Dr. U.- Sí. Sobre todo, en esta etapa en la que se han reconvertido los tratamientos. Lo que antes operábamos en abierto ahora lo hacemos con cirugía mínimamente invasiva.

Ahora tratamos por punción a paciente, hace 40 años a partir de los 65 años no operábamos, ahora empieza a ser habitual operar a pacientes de 90 años.

Tratamos enfermedades, no edades, si puede aguantar la intervención, se hace. Soluciones hay para casi todo.

P.- ¿Algún consejo para poder conservar nuestro sistema circulatorio?

Dr. U.- Debemos hacer un conjunto de cosas para llevar una vida sana. Andar 3 o 4 kilómetros diarios es fundamental, andando movilizamos todo el campo vascular.

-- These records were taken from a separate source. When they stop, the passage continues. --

(* Let $\mathcal{A}$ be the adjacency matrix of a graph on $N$ nodes with $\mathcal{A}_{ii}=1$ for all $i$. Consider any plant with state-space dynamics $\dot x=Ax+B_1w+B_2u$, $z=C_1x+D_{12}u$, $y=C_2x+D_{21}w$, where $x,u,y$ are partitioned into $N$ site sub-signals. If a proper rational transfer matrix $K$ (controller $u=Ky$) is closed-loop TF-structured with respect to $\mathcal{A}$ for this plant, then $K$ is $\mathcal{A}$-structured-realizable.
   Context: Closed-loop TF-structure: consider the auxiliary system $\dot x=Ax+B_2u+\delta_x$, $y=C_2x+\delta_y$ in feedback with $u=Ky$ (assumed well-posed), and let $\Phi=\begin{bmatrix}\Phi_{xx}&\Phi_{xy}\\ \Phi_{ux}&\Phi_{uy}\end{bmatrix}$ be the resulting closed-loop transfer matrix from $(\delta_x,\delta_y)$ to $(x,u)$. $K$ is closed-loop TF-structured with respect to $\mathcal{A}$ if each of $\Phi_{xx},\Phi_{xy},\Phi_{ux},\Phi_{uy}$ (with inputs and outputs partitioned by site) is TF-structured with respect to $\mathcal{A}$, meaning its $(i,j)$ block is identically zero whenever $\mathcal{A}_{ij}=0$. A matrix $M$ partitioned into $N\times N$ blocks is in $\mathcal{S}(\mathcal{A})$ if its $(i,j)$ block is zero whenever $\mathcal{A}_{ij}=0$. An LTI system is $\mathcal{A}$-structured-realizable if it has a state-space realization $(A_K,B_K,C_K,D_K)$, with state partitioned into $N$ (possibly empty) sub-states, such that $A_K,B_K,C_K,D_K\in\mathcal{S}(\mathcal{A})$. *)

From HB Require Import structures.
From mathcomp Require Import all_boot all_order all_algebra.
From mathcomp Require Import reals.
Set Implicit Arguments. Unset Strict Implicit. Unset Printing Implicit Defensive.
Import GRing.Theory.
Local Open Scope ring_scope.

Section Defs.
Variable R : realType.

(* the field of real rational functions in the Laplace variable s *)
Definition ratf := {fraction {poly R}}.

Definition cst (a : R) : ratf := FracField.tofrac (a%:P).
Definition svar : ratf := FracField.tofrac ('X : {poly R}).

Definition tfm m n (M : 'M[R]_(m, n)) : 'M[ratf]_(m, n) := map_mx cst M.

Definition proper_ratf (f : ratf) : Prop :=
  exists (p q : {poly R}), q != 0 /\ (size p <= size q)%N /\ f = FracField.tofrac p / FracField.tofrac q.

Definition proper_tf m n (K : 'M[ratf]_(m, n)) : Prop :=
  forall i j, proper_ratf (K i j).

Definition ss_tf k m n (AK : 'M[R]_k) (BK : 'M[R]_(k, n)) (CK : 'M[R]_(m, k))
  (DK : 'M[R]_(m, n)) : 'M[ratf]_(m, n) :=
  tfm CK *m invmx (svar%:M - tfm AK) *m tfm BK + tfm DK.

Si hacemos una vida sedentaria, a la larga se tiende a un tipo de patología que si anduviéramos más no lo tendríamos. Andar es bueno y también llevar una dieta equilibrada, como la mediterránea, que es la mejor.

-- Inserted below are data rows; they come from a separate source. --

(* An antiderivative of g'' (al + be x) is g' (al + be x) - be g. *)
Lemma is_RInt_deriv2_mul_affine c d g g1 g2 al be : c < d ->
  has_deriv_on c d g g1 -> has_deriv_on c d g1 g2 -> cont_on c d g2 ->
  g c = 0 -> g d = 0 ->
  is_RInt (fun x => g2 x * (al + be * x)) c d
    (g1 d * (al + be * d) - g1 c * (al + be * c)).
Proof.
  intros Hcd Hg Hg1 Hg2 Hgc Hgd.
  assert (HP : has_deriv_on c d (fun x => g1 x * (al + be * x) + (- be) * g x)
                 (fun x => g2 x * (al + be * x))).
  { apply has_deriv_on_ext with (fun x => (g2 x * (al + be * x) + g1 x * be) + (- be) * g1 x);
      [intros; ring|].
    apply has_deriv_on_plus; [exact Hcd| |apply has_deriv_on_scal; assumption].
    apply has_deriv_on_mult; [exact Hcd|exact Hg1|apply has_deriv_on_affine]. }
  replace (g1 d * (al + be * d) - g1 c * (al + be * c)) with
    (g1 d * (al + be * d) + - be * g d - (g1 c * (al + be * c) + - be * g c))
    by (rewrite Hgc, Hgd; ring).
  apply (is_RInt_has_deriv_on c d _ _ Hcd HP).
  apply cont_on_mult; [lra|exact Hg2|].
  apply continuous_cont_on; [lra|]; intros x; apply continuity_pt_filterlim; reg.
Qed.

(* Integrating by parts on each [t_i, t_(i+1)], the boundary terms telescope. *)
Lemma is_RInt_deriv2_mul_pw_affine n t g g2 h : knots_incr n t ->
  C2_on (t 1%nat) (t (S n)) g g2 ->
  (forall i, (1 <= i <= n + 1)%nat -> g (t i) = 0) ->
  pw_affine n t h -> h (t 1%nat) = 0 -> h (t (S n)) = 0 ->
  is_RInt (fun x => g2 x * h x) (t 1%nat) (t (S n)) 0.
Proof.
  intros Ht [g1 [Hg [Hg1 Hg2]]] Hknots Hh Ha Hb.
  assert (Htel : forall m, (m <= n)%nat ->
    is_RInt (fun x => g2 x * h x) (t 1%nat) (t (S m))
      (g1 (t (S m)) * h (t (S m)) - g1 (t 1%nat) * h (t 1%nat))).
  { induction m as [|m IH]; intros Hm.
    - rewrite Rminus_diag; apply (is_RInt_point (V := R_NormedModule)).
    - set (c := t (S m)); set (d := t (S (S m))).
      assert (Hcd : c < d) by (apply Ht; lia).
      assert (H1c : t 1%nat <= c) by (apply (knots_le n t Ht); lia).
      assert (Hdb : d <= t (S n)) by (apply (knots_le n t Ht); lia).
      destruct (Hh (S m) ltac:(lia)) as [al [be Haff]]; fold c d in Haff.
      assert (Hpiece : is_RInt (fun x => g2 x * h x) c d (g1 d * h d - g1 c * h c)).
      { rewrite !Haff by lra.
        apply (is_RInt_ext (fun x => g2 x * (al + be * x))).
        { intros x Hx; rewrite Rmin_left, Rmax_right in Hx by lra; rewrite Haff by lra; reflexivity. }
        apply (is_RInt_deriv2_mul_affine c d g g1 g2); try (apply Hknots; lia).
        - exact Hcd.
        - exact (has_deriv_on_sub _ _ _ _ _ _ H1c Hdb Hg).
        - exact (has_deriv_on_sub _ _ _ _ _ _ H1c Hdb Hg1).
        - exact (cont_on_sub _ _ _ _ _ H1c Hdb Hg2). }
      replace (g1 d * h d - g1 (t 1%nat) * h (t 1%nat)) with
        (plus (g1 c * h c - g1 (t 1%nat) * h (t 1%nat)) (g1 d * h d - g1 c * h c))
        by (unfold plus; simpl; ring).
      exact (is_RInt_Chasles (V := R_NormedModule) _ _ _ _ _ _ (IH ltac:(lia)) Hpiece). }
  specialize (Htel n (le_n n)); rewrite Ha, Hb, !Rmult_0_r, Rminus_diag in Htel; exact Htel.
Qed.

Lemma C2_on_zero a b : C2_on a b (fun _ => 0) (fun _ => 0).
Proof. exists (fun _ => 0); repeat split; [apply has_deriv_on_const..|apply cont_on_const]. Qed.

Lemma C2_on_plus a b F F2 G G2 : a < b -> C2_on a b F F2 -> C2_on a b G G2 ->
  C2_on a b (fun x => F x + G x) (fun x => F2 x + G2 x).
Proof.
  intros Hab [F1 [HF [HF1 HF2]]] [G1 [HG [HG1 HG2]]]; exists (fun x => F1 x + G1 x).
  repeat split; [apply has_deriv_on_plus..|apply cont_on_plus]; assumption || lra.
Qed.

Lemma C2_on_scal a b k F F2 : a < b -> C2_on a b F F2 ->
  C2_on a b (fun x => k * F x) (fun x => k * F2 x).
Proof.
  intros Hab [F1 [HF [HF1 HF2]]]; exists (fun x => k * F1 x).
  repeat split; [apply has_deriv_on_scal..|apply cont_on_mult]; try assumption.
  - lra.
  - apply cont_on_const.
Qed.

Lemma C2_on_affine a b al be : C2_on a b (fun x => al + be * x) (fun _ => 0).
Proof.
  exists (fun _ => be); repeat split;
    [apply has_deriv_on_affine|apply has_deriv_on_const|apply cont_on_const].
Qed.

Lemma C2_on_unique_deriv2 a b F F2 G2 : a < b -> C2_on a b F F2 -> C2_on a b F G2 ->
  forall x, a <= x <= b -> F2 x = G2 x.
Proof.
  intros Hab' [F1 [HF [HF1 _]]] [G1 [HG [HG1 _]]].
  apply (has_deriv_on_unique a b F1); [exact Hab'|exact HF1|].
  exact (has_deriv_on_ext_fun a b G1 F1 G2
           (fun x Hx => eq_sym (has_deriv_on_unique a b F F1 G1 Hab' HF HG x Hx)) HG1).
Qed.

Definition lincomb (f : nat -> R -> R) (w : nat -> R) (m M : nat) (x : R) : R :=
  sum_n_m (fun k => w k * f k x) m M.

Lemma sum_n_m_ends (u : nat -> R) m M : (m < M)%nat ->
  sum_n_m u m M = u m + sum_n_m u (S m) (pred M) + u M.
Proof.
  intros HmM; destruct M as [|M]; [lia|]; simpl pred.
  rewrite sum_n_Sm, sum_Sn_m by lia; reflexivity.
Qed.

Lemma qform_border (c : nat -> nat -> R) (lo hi : nat) (v : nat -> R) : (lo < hi)%nat ->
  (forall k l, c k l = c l k) ->
  (forall j, (lo < j < hi)%nat -> c lo j = 0 /\ c hi j = 0) ->
  qform c lo hi v =
    v lo * c lo lo * v lo + v lo * c lo hi * v hi + v hi * c hi lo * v lo
    + v hi * c hi hi * v hi + qform c (S lo) (pred hi) v.
Proof.
  intros Hlh Hsym Hborder; unfold qform.
  assert (Hrow : forall k, k = lo \/ k = hi ->
    sum_n_m (fun l => v k * c k l * v l) (S lo) (pred hi) = 0).
  { intros k Hk; apply sum_n_m_eq0; intros j Hj.
    destruct (Hborder j ltac:(lia)) as [Hlo Hhi].
    destruct Hk as [-> | ->]; [rewrite Hlo|rewrite Hhi]; ring. }
  assert (Hmid : forall k, (S lo <= k <= pred hi)%nat ->
    @eq R (sum_n_m (fun l => v k * c k l * v l) lo hi)
          (sum_n_m (fun l => v k * c k l * v l) (S lo) (pred hi))).
  { intros k Hk; rewrite sum_n_m_ends by exact Hlh; cbv beta.
    rewrite (Hsym k lo), (Hsym k hi); destruct (Hborder k ltac:(lia)) as [Hlo Hhi].
    rewrite Hlo, Hhi; ring. }
  rewrite sum_n_m_ends by exact Hlh; rewrite (sum_n_m_ext_loc _ _ _ _ Hmid).
  rewrite !(sum_n_m_ends _ lo hi) by exact Hlh; rewrite !Hrow by auto; ring.
Qed.

(** * The natural basis and the matrix C *)

Lemma Cmat_sym n t phi2 k l : Cmat n t phi2 k l = Cmat n t phi2 l k.
Proof. unfold Cmat; f_equal; apply functional_extensionality; intros; ring. Qed.

Lemma Cmat_S n t phi2 k l :
  Cmat n t phi2 (S k) (S l) = RInt (fun x => phi2 k x * phi2 l x) (t 1%nat) (t (S n)).
Proof. unfold Cmat; simpl; rewrite !Nat.sub_0_r; reflexivity. Qed.

Lemma qform_Cmat n t phi2 v : qform (Cmat n t phi2) 1 (n + 3) v =
  sum_n_m (fun k => sum_n_m (fun l =>
    v (S k) * Cmat n t phi2 (S k) (S l) * v (S l)) 0 (n + 2)) 0 (n + 2).
Proof.
  unfold qform; replace (n + 3)%nat with (S (n + 2)) by lia.
  rewrite <- sum_n_m_S; apply sum_n_m_ext_loc; intros k _; rewrite <- sum_n_m_S; reflexivity.
Qed.

Lemma ext_vec_first n u1 p un1 : ext_vec n u1 p un1 1 = u1.
Proof. reflexivity. Qed.

Lemma ext_vec_last n u1 p un1 : ext_vec n u1 p un1 (n + 3) = un1.
Proof.
  unfold ext_vec; replace (Nat.eqb (n + 3) 1) with false by (symmetry; apply Nat.eqb_neq; lia).
  rewrite Nat.eqb_refl; reflexivity.
Qed.

Lemma ext_vec_inner n u1 p un1 k : (2 <= k <= n + 2)%nat -> ext_vec n u1 p un1 k = p (k - 1)%nat.
Proof.
  intros Hk; unfold ext_vec.
  replace (Nat.eqb k 1) with false by (symmetry; apply Nat.eqb_neq; lia).
  replace (Nat.eqb k (n + 3)) with false by (symmetry; apply Nat.eqb_neq; lia); reflexivity.
Qed.

Lemma in_range_L_ext n t p q : (forall i, (1 <= i <= n + 1)%nat -> p i = q i) ->
  in_range_L n t p -> in_range_L n t q.
Proof. intros Hpq [al [be Hp]]; exists al, be; intros i Hi; rewrite <- Hpq by exact Hi; auto. Qed.

Section NaturalBasis.

Variables (n : nat) (t : nat -> R) (phi phi2 : nat -> R -> R).
Hypotheses (Hn : (1 <= n)%nat) (Ht : knots_incr n t) (Hb : natural_basis n t phi phi2).

Let Hab : t 1%nat < t (S n) := knots_first_lt_last n t Hn Ht.

Lemma basis_C2 k : (k <= n + 2)%nat -> C2_on (t 1%nat) (t (S n)) (phi k) (phi2 k).
Proof. intros Hk; exact (proj2 (proj1 Hb k Hk)). Qed.

Lemma basis_deriv2_pw_affine k : (k <= n + 2)%nat -> pw_affine n t (phi2 k).
Proof. intros Hk; exact (pw_affine_deriv2 n t _ _ Ht (proj1 Hb k Hk)). Qed.

Lemma lincomb_C2 w m M : (M <= n + 2)%nat ->
  C2_on (t 1%nat) (t (S n)) (lincomb phi w m M) (lincomb phi2 w m M).
Proof.
  intros HM.
  apply (sum_n_m_fun_closed2 (C2_on (t 1%nat) (t (S n))) (C2_on_zero _ _)
           (fun f1 f2 g1 g2 => C2_on_plus _ _ f1 f2 g1 g2 Hab)
           (fun k x => w k * phi k x) (fun k x => w k * phi2 k x)).
  intros k Hk; apply C2_on_scal; [exact Hab|apply basis_C2; lia].
Qed.

Lemma lincomb_deriv2_pw_affine w m M : (M <= n + 2)%nat -> pw_affine n t (lincomb phi2 w m M).
Proof.
  intros HM.
  apply (sum_n_m_fun_closed (pw_affine n t) (pw_affine_zero n t) (pw_affine_plus n t)
           (fun k x => w k * phi2 k x)).
  intros k Hk; apply pw_affine_scal, basis_deriv2_pw_affine; lia.
Qed.

Lemma lincomb_knot w m M i : (m <= 1)%nat -> (n + 1 <= M <= n + 2)%nat -> (1 <= i <= n + 1)%nat ->
  lincomb phi w m M (t i) = w i.
Proof.
  destruct Hb as [_ [H0 [_ [_ [Hj [HN _]]]]]]; intros Hm HM Hi; unfold lincomb.
  rewrite (sum_n_m_delta _ m M i); [|lia|].
  - destruct (Hj i Hi) as [Hv _]; rewrite Hv, Nat.eqb_refl by exact Hi; ring.
  - intros k Hk Hki.
    destruct (Nat.eq_dec k 0) as [->|]; [rewrite H0 by exact Hi; ring|].
    destruct (Nat.eq_dec k (n + 2)) as [->|]; [rewrite HN by exact Hi; ring|].
    destruct (Hj k ltac:(lia)) as [Hv _]; rewrite Hv by exact Hi.
    replace (Nat.eqb i k) with false by (symmetry; apply Nat.eqb_neq; lia); ring.
Qed.

Lemma lincomb_deriv2_first w : lincomb phi2 w 0 (n + 2) (t 1%nat) = w 0%nat.
Proof.
  destruct Hb as [_ [_ [H0 [_ [Hj [_ [HN _]]]]]]]; unfold lincomb.
  rewrite (sum_n_m_delta _ 0 (n + 2) 0); [rewrite H0; ring|lia|].
  intros k Hk Hk0; destruct (Nat.eq_dec k (n + 2)) as [->|]; [rewrite HN; ring|].
  destruct (Hj k ltac:(lia)) as [_ [Hv _]]; rewrite Hv; ring.
Qed.

Lemma lincomb_deriv2_last w : lincomb phi2 w 0 (n + 2) (t (S n)) = w (n + 2)%nat.
Proof.
  destruct Hb as [_ [_ [_ [H0 [Hj [_ [_ HN]]]]]]]; unfold lincomb.
  rewrite (sum_n_m_delta _ 0 (n + 2) (n + 2)); [rewrite HN; ring|lia|].
  intros k Hk HkN; destruct (Nat.eq_dec k 0) as [->|]; [rewrite H0; ring|].
  destruct (Hj k ltac:(lia)) as [_ [_ Hv]]; rewrite Hv; ring.
Qed.

Lemma is_RInt_Cmat k l : (k <= n + 2)%nat -> (l <= n + 2)%nat ->
  is_RInt (fun x => phi2 k x * phi2 l x) (t 1%nat) (t (S n)) (Cmat n t phi2 (S k) (S l)).
Proof.
  intros Hk Hl; rewrite Cmat_S; apply (RInt_correct (V := R_CompleteNormedModule)).
  destruct (basis_C2 k Hk) as [_ [_ [_ Hk2]]], (basis_C2 l Hl) as [_ [_ [_ Hl2]]].
  apply ex_RInt_cont_on; [lra|apply cont_on_mult; assumption || lra].
Qed.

La sociedad está llevando una vida poco sana y eso pasa factura. Se fuma bastante, se bebe bastante y se come de forma descontrolada, quizás por el tipo de trabajo.

P.- ¿Recomienda a las mujeres tomar estrógenos en esta época?

Dr. U.- Con respecto a dar o no dar estrógenos o tratamiento hormonal en esta época las opiniones son muy variopintas. Yo podría decir casi con total seguridad quien lleva tratamiento hormonal y quien no, por la constitución anatómica del colágeno, de la cara…

Yo lo recomiendo. Hace décadas se decía que dar hormonas provocaba una mayor incidencia de cáncer, pero hoy en día ya se ha demostrado que no es así.

En Estados Unidos se hace mucho y, para una mayor prevención, cuando la mujer deja de tener su función a nivel ginecológico se le hace un vacío de mamas y ginecológico porque es el tipo de cáncer que se puede producir por este tipo de hormonas.